LRP stops performing NAT for existing sockets after temporary k8s API-server unavailability #31988

dglushenok · 2024-04-16T10:44:55Z

Is there an existing issue for this?

I have searched the existing issues

What happened?

We using NodeLocal DNSCache with Local Redirect Policy:

apiVersion: "cilium.io/v2"
kind: CiliumLocalRedirectPolicy
metadata:
  name: "nodelocaldns"
  namespace: kube-system
spec:
  redirectFrontend:
    serviceMatcher:
      serviceName: kube-dns
      namespace: kube-system
  redirectBackend:
    localEndpointSelector:
      matchLabels:
        k8s-app: node-local-dns
    toPorts:
      - port: "53"
        name: dns
        protocol: UDP
      - port: "53"
        name: dns-tcp
        protocol: TCP

Some kind of our services opens UDP socket to DNS service at start and never reopens it. For example:

k8s-node # nsenter -t 3866824 -n ss -na | grep ':53 '
udp    ESTAB      0       0                                         10.10.23.25:57229                              10.10.23.193:53

10.10.23.193 here is address of local instance of node-local-dns, but the service connects to 10.11.0.2 - the address of kube-dns service (as read from /etc/resolv.conf).

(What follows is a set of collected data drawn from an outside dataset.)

Lemma monomial_exponent_bound (i j d : nat) (D alpha A B : R) :
  0 <= A -> 0 <= B -> (j <= d)%nat -> INR d < D ->
  INR i / (D - INR j) <= alpha ->
  INR i * B + INR j * A <= alpha * D * B + INR d * Rmax 0 (A - alpha * B).
Proof.
  intros HA HB Hj HdD Hi.
  set (X := Rmax 0 (A - alpha * B)).
  assert (HX0 : 0 <= X) by apply Rmax_l.
  assert (HXA : A - alpha * B <= X) by apply Rmax_r.
  assert (Hj1 : INR j <= INR d) by (apply le_INR; exact Hj).
  assert (Hj0 : 0 <= INR j) by apply pos_INR.
  assert (Hi' : INR i <= alpha * (D - INR j)).
  { replace (INR i) with (INR i / (D - INR j) * (D - INR j)) by (field; lra).
    apply Rmult_le_compat_r; lra. }
  assert (INR i * B <= alpha * (D - INR j) * B) by (apply Rmult_le_compat_r; lra).
  assert (INR j * (A - alpha * B) <= INR j * X) by (apply Rmult_le_compat_l; lra).
  assert (INR j * X <= INR d * X) by (apply Rmult_le_compat_r; lra).
  nra.
Qed.

Lemma qeval_step_bound (c : nat -> nat -> Cx) (N d delta : nat) (alpha : R) (z w : Cx) :
  (forall i j, (d < j)%nat -> c i j = Czero) ->
  (forall i j, c i j <> Czero -> INR i / INR (delta - j) <= alpha) ->
  0 <= alpha -> (d < delta)%nat ->
  logplus (Cnorm (qeval c N d z w))
  <= coeff_log_mass c N d + (alpha * INR delta * logplus (Cnorm z)
     + INR d * Rmax 0 (logplus (Cnorm w) - alpha * logplus (Cnorm z))).
Proof.
  intros Hsupp Halpha Ha0 Hdd.
  set (A := logplus (Cnorm w)). set (B := logplus (Cnorm z)).
  assert (HA : 0 <= A) by apply logplus_ge0.
  assert (HB : 0 <= B) by apply logplus_ge0.
  apply qeval_logplus_bound.
  - assert (0 <= alpha * INR delta * B)
      by (apply Rmult_le_pos; [apply Rmult_le_pos; [|apply pos_INR]|]; assumption).
    assert (0 <= INR d * Rmax 0 (A - alpha * B)) by
      (apply Rmult_le_pos; [apply pos_INR|apply Rmax_l]).
    lra.
  - intros i j Hne. fold A B.
    assert (Hj : (j <= d)%nat).
    { destruct (Nat.le_gt_cases j d) as [H|H]; [exact H|].
      exfalso. exact (Hne (Hsupp i j H)). }
    specialize (Halpha i j Hne). rewrite minus_INR in Halpha by lia.
    apply monomial_exponent_bound; auto. apply lt_INR; exact Hdd.
Qed.
(* Fix $r\ge1$. For $n\ge0$ let $$P^{(r)}_n(z_1,\dots,z_r)=\sum_{\pi} z_1^{a_1(\pi)}z_2^{a_2(\pi)}\cdots z_r^{a_r(\pi)},$$ the sum over all multiset set-partitions $\pi$ of the multiset $\{1^r,2^r,\dots,n^r\}$ (each of $1,\dots,n$ appearing exactly $r$ times); in particular $P^{(r)}_0=1$. Then for all $n\ge1$, $$P^{(r)}_n(z_1,\dots,z_r)=\mathcal{D}_r\,P^{(r)}_{n-1}(z_1,\dots,z_r),$$ where $\mathcal{D}_r$ is the operator defined in the context. Consequently the number of multiset set-partitions of $\{1^r,\dots,n^r\}$ equals $P^{(r)}_n(1,1,\dots,1)$.
   Context: A multiset set-partition of a finite multiset $M$ is a finite multiset of nonempty sets (ordinary sets, no repeated elements inside a set) whose multiset union equals $M$; the same set may occur several times in the partition, and the partition is unordered. For a multiset set-partition $\pi$ and $i\ge1$, $a_i(\pi)$ denotes the number of distinct sets that occur in $\pi$ exactly $i$ times. Definition of $\mathcal{D}_r$: Put $z_0:=1$ and $D_i:=\partial/\partial z_i$. A scenario is a tuple $T=[c_0,\lambda_1,\dots,\lambda_r]$ where $c_0\ge0$ is an integer and, for each $i$, $\lambda_i$ is an integer partition (possibly empty) all of whose parts are at most $i$, such that $c_0+|\lambda_1|+\cdots+|\lambda_r|=r$ ($|\lambda|$ = sum of parts). Write $m_j(\lambda_i)$ for the number of parts of $\lambda_i$ equal to $j$ and $\ell(\lambda_i)=\sum_j m_j(\lambda_i)$ for its number of parts. To $T$ associate the operator $$\mathcal{P}[T]\,f = z_{c_0}\prod_{i=1}^{r}\prod_{j=1}^{i}\frac{(z_j z_{i-j})^{m_j(\lambda_i)}}{m_j(\lambda_i)!}\;\cdot\;\Big(\prod_{i=1}^{r}D_i^{\ell(\lambda_i)}\Big)f ,$$ i.e. all differentiations are applied first and the result is then multiplied by the monomial coefficient (normal ordering). Then $\mathcal{D}_r:=\sum_{T}\mathcal{P}[T]$, the sum over all scenarios $T$. (For example $\mathcal{D}_1 = z_1 + z_1 D_1$, and $\mathcal{D}_2= z_2D_2+\tfrac12 z_1^4D_2^2+z_1^3D_1D_2+\tfrac12 z_1^2D_1^2+z_1^3D_2+z_1^2D_1+z_2$.) *)

From HB Require Import structures.
From mathcomp Require Import all_boot all_order all_algebra.
Set Implicit Arguments. Unset Strict Implicit. Unset Printing Implicit Defensive.
Import Order.TTheory GRing.Theory Num.Theory.
Local Open Scope ring_scope.

(* Polynomials in z_1..z_r over Q, represented by their coefficient
   functions.  An exponent vector e : expo r has e t = exponent of z_(t+1). *)
Definition expo (r : nat) := {ffun 'I_r -> nat}.
Definition mpoly (r : nat) := expo r -> rat.

(* ---------- multiset set-partitions of {1^r,...,n^r} ----------
   The ground set {1,..,n} is 'I_n (element x <-> x+1).  A multiset of sets is
   given by its multiplicity function m : {set 'I_n} -> nat; the multiplicity
   of any nonempty set in a partition of {1^r..n^r} is <= r, hence the codomain
   'I_r.+1 loses nothing. *)
Definition msp (n r : nat) := {ffun {set 'I_n} -> 'I_r.+1}.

When tracing the client service we can see that replies are coming from 10.11.0.2 (as if it is kube-dns). So, LRP performs NAT and everything works well:

k8s-node # nsenter -t 3866824 -n strace -f -e recvfrom -p 3866824 2>&1 | grep 'htons(53)'
[pid 3866912] recvfrom(95, "\340\270\205\200\0\1\0\2\0\0\0\0\nstatistics\4back\7k8s"..., 4097, 0, {sa_family=AF_INET, sin_port=htons(53), sin_addr=inet_addr("10.11.0.2")}, [16]) = 216
[pid 3866912] recvfrom(95, "|\0\205\200\0\1\0\1\0\0\0\0\nstatistics\4back\7k8s"..., 4097, 0, {sa_family=AF_INET, sin_port=htons(53), sin_addr=inet_addr("10.11.0.2")}, [16]) = 159
[pid 3866914] recvfrom(95, "\216\305\205\200\0\1\0\1\0\0\0\0\nstatistics\4back\7k8s"..., 4097, 0, {sa_family=AF_INET, sin_port=htons(53), sin_addr=inet_addr("10.11.0.2")}, [16]) = 159

Until k8s node temporary looses network access to k8s master. After that, the service receives DNS replies not from 10.11.0.2, but from 10.10.23.193 (from the same socket, created to 10.11.0.2). That triggers DNS anti-spoofing in client library (c-ares), which just drops replies from "wrong" address.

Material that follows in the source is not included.